Leadership plays a decisive role in steering this transformation. A deliberate, phased approach — starting with problem identification, followed by tool selection, and culminating in a centralized, standardized data strategy — can help embed data-driven decision-making into the fabric of the enterprise. The survey’s emphasis on the essential nature of data strategy for optimizing the product lifecycle, coupled with the warning about potential market-share losses if processes remain outdated, reinforces the urgency for decisive action. As organizations invest to mature their data capabilities, the path forward centers on creating a unified data vision, embracing end-to-end lifecycle analytics, and integrating advanced technologies in a governance-first framework that supports sustainable, scalable value creation.
In summary, the findings call for a holistic, enterprise-wide commitment to data: a commitment that recognizes data as a strategic asset, aligns people and processes with a standardized data architecture, and couples analytics with actionable workflows that translate insight into execution.
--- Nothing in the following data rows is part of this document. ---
Lemma partner_code (i w : Z) : 1 <= i <= n -> partner w -> w mod m = r i -> w = r i.
Proof.
  intros Hi [[j [Hj ->]] | [[j [Hj Hy]] | Hother]] Hw.
  - pose proof (code_bounds j Hj). now rewrite Z.mod_small in Hw by lia.
  - exfalso. rewrite (Y_shift_mod j w Hj Hy) in Hw.
    exact (residue_code_shift_neq ft i j ft_pos (eq_sym Hw)).
  - exfalso. exact (proj1 (Hother i Hi) Hw).
Qed.

Lemma partner_shifted_code (i w : Z) : 1 <= i <= n -> partner w ->
  w mod m = r i - ft -> Y i (w - r i).
Proof.
  intros Hi [[j [Hj ->]] | [[j [Hj Hy]] | Hother]] Hw.
  - exfalso. pose proof (code_bounds j Hj). rewrite Z.mod_small in Hw by lia.
    exact (residue_code_shift_neq ft j i ft_pos Hw).
  - rewrite (Y_shift_mod j w Hj Hy) in Hw.
    assert (j = i) by (apply (residue_code_inj ft); [exact ft_pos | fold r; lia]).
    now subst j.
  - exfalso. exact (proj2 (Hother i Hi) Hw).
Qed.

Lemma candidate_partner_decomposition (c w i : Z) : 1 <= i <= n ->
  candidate c -> partner w -> (m | c + w - r i) ->
  (A c /\ w = r i) \/ (In c F /\ Y i (w - r i)).
Proof.
  intros Hi [Ac | Fc] Hw Hd; pose proof (code_bounds i Hi).
  - left. split; [exact Ac|]. apply (partner_code i w Hi Hw).
    apply divide_sub_iff_mod; [lia | lia|].
    replace (w - r i) with ((c + w - r i) - c) by ring.
    exact (Z.divide_sub_r _ _ _ Hd (A_divide c Ac)).
  - right. split; [exact Fc|]. apply (partner_shifted_code i w Hi Hw).
    apply divide_sub_iff_mod; [lia | lia|].
    replace (w - (r i - ft)) with ((c + w - r i) - (c - ft)) by ring.
    exact (Z.divide_sub_r _ _ _ Hd (F_divide_sub_ft c Fc)).
Qed.

Lemma partner_translate (i v : Z) : 1 <= i <= n -> Y i v -> partner (r i + v).
Proof.
  intros Hi Hv. right; left. exists i. split; [exact Hi|].
  now replace (r i + v - r i) with v by ring.
Qed.

Lemma candidate_partner_cover (z : Z) : sumset candidate partner z.
Proof.
  destruct (classic (exists i, 1 <= i <= n /\ z mod m = r i)) as [[i [Hi Hz]] | Hno_code].
  { pose proof (code_bounds i Hi).
    assert (Hd : (m | z - r i)) by (apply divide_sub_iff_mod; lia).
    destruct (classic (S i (z - r i))) as [Hs | Hs].
    - exists (z - r i), (r i). split; [left; apply S_cover; eauto|].
      split; [left; eauto | ring].
    - destruct (Y_complete i (z - r i) Hi Hd Hs) as [f [v [Hf [Hv Hzv]]]].
      exists f, (r i + v). split; [right; exact Hf|].
      split; [exact (partner_translate i v Hi Hv) | lia]. }
  destruct (classic (exists i, 1 <= i <= n /\ z mod m = r i - ft))
    as [[i [Hi Hz]] | Hno_shift].
  { pose proof (code_bounds i Hi).
    (* y := -m(|z| + K + m) is a multiple of m below S i, low enough that
       z - r i - v >= 0 *)
    destruct (Y_complete i (- m * (Z.abs z + K + m)) Hi) as [f [v [Hf [Hv Hyv]]]].
    { exists (- (Z.abs z + K + m)). ring. }
    { intros Hs. pose proof (S_lower i Hi _ Hs). pose proof K_pos. nia. }
    exists (z - r i - v), (r i + v).
    split; [|split; [exact (partner_translate i v Hi Hv) | ring]].
    left. apply mN_sub, mN_of_divide_nonneg; [exact m_pos | |].
    - replace (z - r i - v) with ((z - (r i - ft)) - (v + ft)) by ring.
      apply Z.divide_sub_r; [apply divide_sub_iff_mod; lia | exact (Y_divide i v Hi Hv)].
    - pose proof (F_bound f Hf). nia. }
  exists 0, z. split; [left; apply mN_sub; exists 0; lia|].
  split; [|ring]. right; right.
  intros i Hi. split; intros Hz; [apply Hno_code | apply Hno_shift]; eauto.
Qed.

Lemma candidate_minimal (C' : Z -> Prop) :
  (forall x, C' x -> candidate x) -> (exists x, candidate x /\ ~ C' x) ->
  ~ (forall z, sumset C' partner z).
Proof.
  intros Hsub [x [[Ax | Fx] HC'x]] Hcover.
  - destruct (proj2 (S_cover x) Ax) as [i [Hi Hsx]].
    destruct (Hcover (x + r i)) as [c [w [Hc [Hw Hz]]]].
    destruct (candidate_partner_decomposition c w i Hi (Hsub c Hc) Hw)
      as [[_ ->] | [Fc Hy]].
    { replace (c + w - r i) with x by lia. exact (A_divide x Ax). }
    + apply HC'x. replace x with c by lia. exact Hc.
    + apply (proj2 (Y_sound i _ c Hi Hy Fc)).
      now replace (c + (w - r i)) with x by lia.
  - assert (H1 : 1 <= 1 <= n) by lia.
    destruct (Hcover (reserved_point m K x + r 1)) as [c [w [Hc [Hw Hzcw]]]].
    destruct (candidate_partner_decomposition c w 1 H1 (Hsub c Hc) Hw)
      as [[Ac ->] | [Fc Hy]].
    { replace (c + w - r 1) with (reserved_point m K x) by lia. apply reserved_point_divide. }
    + pose proof (A_lower c Ac).
      pose proof (reserved_point_le m K F m_pos F_nonempty F_bound x Fx).
      pose proof K_pos. lia.
    + apply HC'x. replace x with c; [exact Hc|].
      apply (Y_unique 1 (w - r 1) c x H1 Hy Fc Fx). lia.
Qed.

Theorem candidate_is_MAC : is_MAC candidate partner.
Proof. split; [exact candidate_partner_cover | exact candidate_minimal]. Qed.

End MinimalComplement.

Theorem theorem4 (m ft n : Z) (B F : list Z) (S : Z -> Z -> Prop) :
  2 <= m ->
  B <> nil -> (forall b, In b B -> (m | b)) ->
  1 <= ft <= m - 1 ->
  F <> nil -> (forall f, In f F -> f mod m = ft) ->
  1 <= n ->
  (forall z, (exists i, 1 <= i <= n /\ S i z) <-> (mN m z \/ In z B)) ->
  (forall i, 1 <= i <= n ->
     exists W : Z -> Prop,
       forall z, ((m | z) /\ ~ S i z) <-> sumset (fun f => In f F) W z) ->
  ft + 2 * ft * (n / ft) + n mod ft <= m ->
  arises_as_MAC (fun z => mN m z \/ In z B \/ In z F).
Proof.
  intros Hm _ HB [Hft _] HF HFmod Hn HScover HScompl Hmn.
  destruct (list_abs_bound (F ++ B)) as [K [HKpos HK]].
  exists (partner m ft n K F S).
  apply (is_MAC_ext (candidate F (fun z => mN m z \/ In z B))).
  { intros z. unfold candidate. tauto. }
  apply candidate_is_MAC; try assumption; try lia.
  - intros f Hf. apply HK, in_or_app. now left.
  - intros a [[k [_ ->]] | Ha]; [exists k; ring | exact (HB a Ha)].
  - intros a [[k [Hk ->]] | Ha]; [nia|].
    pose proof (HK a (in_or_app F B a (or_intror Ha))). lia.
  - intros z Hz. now left.
Qed.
By prioritizing end-to-end data across design, validation, production, and in-use stages, and by embracing disciplined AI scaling with attention to energy efficiency and governance, organizations can accelerate innovation, improve operational performance, and protect market position in a rapidly evolving landscape. The future of enterprise product development hinges on the successful realization of a connected, mature data strategy — one that turns data into a true competitive advantage.